Ethereum Foundation says AI agents can find real bugs but triage is the real work
The Foundation’s Protocol Security team said agent based audits helped uncover real vulnerabilities, including a libp2p gossipsub panic, but warned that reproducible proof and human validation remain essential.
The Ethereum Foundation’s Protocol Security team said AI agents can help uncover real vulnerabilities in protocol code, but warned that the hardest part is not generating bug reports. It is proving which ones are real.
The Protocol Security Team has been pointing AI agents at Ethereum’s protocol code. Our core takeaway wasn't about finding bugs, it was about triage.
Here are field notes from the work.https://t.co/HVtc8XcrJK
— Ethereum Foundation (@ethereumfndn) July 9, 2026
In a new post, the team described how it has been running coordinated AI agents against systems Ethereum depends on, including systems software, cryptographic code, and contracts that require high assurance.
The agents found real bugs, including a remotely triggerable panic in libp2p’s gossipsub component, a core part of the peer to peer layer used by Ethereum consensus clients. The issue was fixed and disclosed as CVE 2026-34219.
The team said the result showed that AI agents can be useful in security research, but only when treated as search tools rather than authorities.
An agent can read code, form hypotheses, trace call paths, and draft proof of concept artifacts. But it can also produce reports that look convincing while relying on unreachable code paths, debug only crashes, duplicate issues, or weak formal proofs that do not actually capture the intended property.
“Agents finding bugs wasn’t the surprise,” the team wrote. “The surprise was how little of the work went into finding them, and how much went into telling the real bugs from the ones that just looked real.”
The Foundation said its process uses many agents in parallel against a single target. The agents coordinate through the repository itself, sharing state in version control rather than relying on a central manager.

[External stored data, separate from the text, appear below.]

Lemma quad_horner_Zloc a s dd l : inZloc p a -> inZloc p s ->
  (forall c, c \in l -> inZloc p (dd * c)) ->
  inZloc p (dd * (quad_horner a s l).1) /\ inZloc p (dd * (quad_horner a s l).2).
Proof.
move=> pa ps; elim: l => [|c l IH] pl /=; first by rewrite mulr0 inZloc0.
have pl' x : x \in l -> inZloc p (dd * x) by move=> l_x; apply: pl; rewrite in_cons l_x orbT.
have [pP pQ] := IH pl'.
have pc := pl c (mem_head c l).
split; last by rewrite mulrDr mulrCA; apply: inZlocD => //; apply: inZlocM.
rewrite !mulrDr [dd * (_ * a)]mulrA [dd * (s * _)]mulrCA; apply: inZlocD => //.
by apply: inZlocD; apply: inZlocM.
Qed.

Lemma quad_horner_lipschitz a s s' dd l :
  inZloc p a -> inZloc p s -> inZloc p s' -> (forall c, c \in l -> inZloc p (dd * c)) ->
  (exists2 y, inZloc p y & dd * ((quad_horner a s l).1 - (quad_horner a s' l).1) = (s - s') * y) /\
  (exists2 y, inZloc p y & dd * ((quad_horner a s l).2 - (quad_horner a s' l).2) = (s - s') * y).
Proof.
move=> pa ps ps'; elim: l => [|c l IH] pl /=.
  by split; exists 0; rewrite ?subrr ?mulr0 ?inZloc0.
have pl' x : x \in l -> inZloc p (dd * x) by move=> l_x; apply: pl; rewrite in_cons l_x orbT.
have [[y1 py1 e1] [y2 py2 e2]] := IH pl'.
have [_ pQ'] := quad_horner_Zloc pa ps' pl'.
set P := (quad_horner a s l).1 in e1 *; set Q := (quad_horner a s l).2 in e2 *.
set P' := (quad_horner a s' l).1 in e1 *; set Q' := (quad_horner a s' l).2 in e2 pQ' *.
split.
  exists (a * y1 + s * y2 + dd * Q').
    by apply: inZlocD => //; apply: inZlocD; apply: inZlocM.
  transitivity (a * (dd * (P - P')) + s * (dd * (Q - Q')) + (s - s') * (dd * Q')); first by ring.
  by rewrite e1 e2; ring.
exists (y1 + a * y2); first by apply: inZlocD => //; apply: inZlocM.
transitivity (dd * (P - P') + a * (dd * (Q - Q'))); first by ring.
by rewrite e1 e2; ring.
Qed.

Definition quad_integral (f : {poly rat}) (a g s : rat) :=
  let PQ := quad_horner a (g ^+ 2 * s) (polyseq f) in inZloc p PQ.1 /\ inZloc p (PQ.2 * g).

Definition IntQ_quad (f : {poly rat}) :=
  forall a g s, inZloc p a -> inZloc p g -> inZloc p s -> quad_integral f a g s.

Lemma quad_integral_congr f n a g s s' t :
  (forall c, c \in polyseq f -> inZloc p ((p ^ n)%:R * c)) ->
  inZloc p a -> inZloc p g -> inZloc p s -> inZloc p s' -> inZloc p t ->
  s = s' + (p ^ n)%:R * t -> quad_integral f a g s' -> quad_integral f a g s.
Proof.
move=> pn_f pa pg ps ps' pt es.
have pg2 : inZloc p (g ^+ 2) by rewrite expr2; apply: inZlocM.
have [[y1 py1 e1] [y2 py2 e2]] :=
  quad_horner_lipschitz (l := polyseq f) pa (inZlocM pg2 ps) (inZlocM pg2 ps') pn_f.
have pn0 : (p ^ n)%:R != 0 :> rat by rewrite pnatr_eq0 -lt0n expn_gt0 prime_gt0.
have ediff : g ^+ 2 * s - g ^+ 2 * s' = (p ^ n)%:R * (g ^+ 2 * t) by rewrite es; ring.
rewrite ediff -mulrA in e1; rewrite ediff -mulrA in e2; move: (mulfI pn0 e1) (mulfI pn0 e2).
rewrite /quad_integral /= => /eqP; rewrite subr_eq => /eqP-> /eqP; rewrite subr_eq => /eqP->.
have pg2t : inZloc p (g ^+ 2 * t) by apply: inZlocM.
move=> [pP' pQ'g]; split; first by apply: inZlocD => //; apply: inZlocM.
by rewrite mulrDl; apply: inZlocD => //; apply: inZlocM => //; apply: inZlocM.
Qed.

Lemma IntQ_A_quadE f : IntQ_A p f <-> IntQ_quad f.
Proof.
have psqr x : inZloc p x -> inZloc p (x ^+ 2) by rewrite expr2 => px; apply: inZlocM.
split=> [intA a g s pa pg ps | intq [a b c d] /and4P[pa pb pc pd]].
  have [n pn_f] := Zloc_pexp_scale (polyseq f).
  have [u1 [u2 [u3 [t [[pu1 pu2 pu3 pt] [u10 pu1V es]]]]]] := sum_three_sqr_Zloc n ps.
  set s' := - (u1 ^+ 2 + u2 ^+ 2 + u3 ^+ 2).
  have ps' : inZloc p s' by apply/inZlocN/inZlocD; [apply: inZlocD|]; apply: psqr.
  apply: (quad_integral_congr pn_f pa pg ps ps' pt); first by rewrite -es /s'; ring.
  have pq : inA p (Quat a (g * u1) (g * u2) (g * u3)) by apply/and4P; split => //=; apply: inZlocM.
  have := intA _ pq; rewrite qeval_quad_horner /inA /=.
  have -> : - ((g * u1) ^+ 2 + (g * u2) ^+ 2 + (g * u3) ^+ 2) = g ^+ 2 * s' by rewrite /s'; ring.
  case/and4P => pP pQgu1 _ _; split => //.
  by rewrite -[_ * g](mulfK u10); apply: inZlocM; rewrite // -mulrA.
have [g g_in g_min] := Zloc_dvd_min (l := [:: b; c; d]) isT.
have pg : inZloc p g by move: g_in; rewrite !inE => /or3P[] /eqP->.
have [rb prb eb] : Zloc_dvd g b by apply: g_min; rewrite !inE eqxx.
have [rc prc ec] : Zloc_dvd g c by apply: g_min; rewrite !inE eqxx orbT.
have [rd prd ed] : Zloc_dvd g d by apply: g_min; rewrite !inE eqxx !orbT.
have ps : inZloc p (- (rb ^+ 2 + rc ^+ 2 + rd ^+ 2)).
  by apply/inZlocN/inZlocD; [apply: inZlocD|]; apply: psqr.
have [pP pQg] := intq a g _ pa pg ps.
rewrite /inA qeval_quad_horner /=.
have -> : - (b ^+ 2 + c ^+ 2 + d ^+ 2) = g ^+ 2 * - (rb ^+ 2 + rc ^+ 2 + rd ^+ 2).
  by rewrite eb ec ed; ring.
by rewrite {1}eb {1}ec {1}ed !mulrA; apply/and4P; split => //; apply: inZlocM.
Qed.

Lemma IntQ_M2D_quadE f : IntQ_M2D p f <-> IntQ_quad f.
Proof.
split=> [intM a g s pa pg ps | intq M /forallP pM].
  pose M : 'M[rat]_2 := \matrix_(i, j) if i == j then a else if i == 0 then g else g * s.
  have pM : inM2D p M.
    apply/forallP => i; apply/forallP => j; rewrite mxE.
    by case: eqP => _ //; case: eqP => _ //; apply: inZlocM.
  have ha : half_trace M = a by rewrite /half_trace !mxE /=; field.
  have hs : sqr_traceless M = g ^+ 2 * s by rewrite /sqr_traceless ha !mxE /=; ring.
  have := intM M pM; rewrite horner_mx_quad_horner ha hs.
  move=> /forallP/(_ 0)/forallP pf; split; [move: (pf 0) | move: (pf 1)]; rewrite !mxE /=.
    by rewrite mulr1n subrr mulr0 addr0.
  by rewrite !mulr0n add0r subr0.
have pMij i j : inZloc p (M i j) by move/forallP: (pM i).
have pa : inZloc p (half_trace M).
  by apply: inZlocM; [apply: inZlocD | exact: inZloc_half].
set a := half_trace M in pa *; set x := M 0 0 - a.
have [g g_in g_min] := Zloc_dvd_min (l := [:: x; M 0 1; M 1 0]) isT.
have pg : inZloc p g by move: g_in; rewrite !inE => /or3P[] /eqP->; rewrite ?inZlocB.
have [rx prx ex] : Zloc_dvd g x by apply: g_min; rewrite !inE eqxx.
have [ry pry ey] : Zloc_dvd g (M 0 1) by apply: g_min; rewrite !inE eqxx orbT.
have [rz prz ez] : Zloc_dvd g (M 1 0) by apply: g_min; rewrite !inE eqxx !orbT.
have ps : inZloc p (rx ^+ 2 + ry * rz) by rewrite expr2; apply: inZlocD; apply: inZlocM.
have [pP pQg] := intq a g _ pa pg ps.
have hs : sqr_traceless M = g ^+ 2 * (rx ^+ 2 + ry * rz).
  by rewrite /sqr_traceless -/a -/x ex ey ez; ring.
have e00 : M 0 0 - a = g * rx := ex.
have e11 : M 1 1 - a = - (g * rx) by rewrite -ex /x /a /half_trace; field.
rewrite horner_mx_quad_horner -/a hs; move: pP pQg; set P := _.1; set Q := _.2 => pP pQg.
apply/forallP => i; apply/forallP => j; rewrite !mxE.
elim/ord2_ind: i; elim/ord2_ind: j => /=; rewrite ?mulr1n ?mulr0n ?add0r ?subr0.
all: rewrite ?e00 ?e11 ?ey ?ez ?mulrN mulrA; try apply: inZlocD => //.
all: try apply: inZlocN; exact: inZlocM.
Qed.

Lemma inA_qmul x y : inA p x -> inA p y -> inA p (qmul x y).
Proof.
case: x y => [a b c d] [a' b' c' d'] /and4P[pa pb pc pd] /and4P[pa' pb' pc' pd'].
apply/and4P; rewrite /qmul /=.
by split; repeat first [apply: inZlocD | apply: inZlocN | apply: inZlocM].
Qed.

(* An isomorphism would pull the idempotents e11, e22 back to quaternions with product 0,
   impossible as the quaternion norm is multiplicative and anisotropic. *)
Lemma no_A_M2D_ring_iso : ~ exists phi, A_M2D_ring_iso p phi.
Proof.
move=> [phi [_ [phi_inj [phi_surj [phiD [phiM _]]]]]].
have A0 : inA p qzero by apply/and4P; split; apply: inZloc0.
have phi0 : phi qzero = 0 by apply: (addrI (phi qzero)); rewrite addr0 -phiD.
have delta_D i j : inM2D p (delta_mx i j).
  by apply/forallP => k; apply/forallP => l; rewrite mxE; case: (_ && _); rewrite ?inZloc1 ?inZloc0.
have [x Ax ex] := phi_surj _ (delta_D 0 0).
have [y Ay ey] := phi_surj _ (delta_D 1 1).
have xy0 : qmul x y = qzero.
  by apply: phi_inj; rewrite ?inA_qmul // phiM // ex ey phi0 -mulmxE mul_delta_mx_cond.
have /eqP : qnorm x * qnorm y = 0 by rewrite -qnormM xy0 /qnorm /=; ring.
rewrite mulf_eq0 => /orP[] /eqP /qnorm_eq0 e.
  by move: ex; rewrite e phi0 => /matrixP/(_ 0 0); rewrite !mxE.
by move: ey; rewrite e phi0 => /matrixP/(_ 1 1); rewrite !mxE.
Qed.

End Localization.

Theorem mainTheorem13 (p : nat) (hp : prime p) (hodd : odd p) :
  (forall f : {poly rat}, IntQ_A p f <-> IntQ_M2D p f) /\
  ~ (exists phi : quat -> 'M[rat]_2, A_M2D_ring_iso p phi).
Proof.
split; last exact: no_A_M2D_ring_iso.
by move=> f; rewrite (IntQ_A_quadE hp hodd) (IntQ_M2D_quadE hp hodd).
Qed.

Their work is divided across recon, hunting, gap filling, and validation.
Recon turns broad attack surfaces into specific testable hypotheses. Hunting follows one hypothesis through the code and attempts to build a reproducer.
Gap filling tracks what has already been accepted or rejected and generates new hypotheses to avoid repeating the same work. Validation independently checks each candidate, removes duplicates, and decides whether it qualifies as a real finding.
For a candidate to count, the team said it must include a reachable target, a clear invariant, a specific failure mechanism, observable proof, a self contained reproducer, and a deduplication key. The goal is to force every report into a concrete claim that can be tested against real code.
The Foundation emphasized one rule above the rest: reproducible or it did not happen. A candidate is not a finding until it includes an artifact that reproduces the failure against the actual code and can be run by someone other than the agent that produced it.
The requirement filters out false positives, from debug only crashes to reproducers built around inputs no attacker could reach. Some formal verification results also pass because the proof is too weak or trivially true, making the report look valid even when the security issue does not hold up.
The team said most candidates are wrong, duplicated, or out of scope, which is part of the workflow. The key is rejecting weak reports quickly while backing real findings with reproducible proof.
Each surviving candidate is checked for real world reachability and attacker cost. A bug any peer can trigger is different from one that requires special access or unrealistic resources.
The Foundation also warned that agents are uneven. They can read specs, draft reproducers, and state invariants, but they struggle with reachability, severity, and bugs that unfold across valid sequences. For those, agents work better as guides for stateful test harnesses than as replacements.
The post frames AI driven audits as a shift in security work, not a replacement for researchers. The bottleneck moves from generating hypotheses to judging them through triage, known issue tracking, artifact validation, and disclosure.
The Foundation said the core practices are not new. Reproducible failures, deterministic environments, clear invariants, careful triage, and human judgment are the same principles that made fuzzing standard practice. The tools have changed, but the bar for trusting results has not.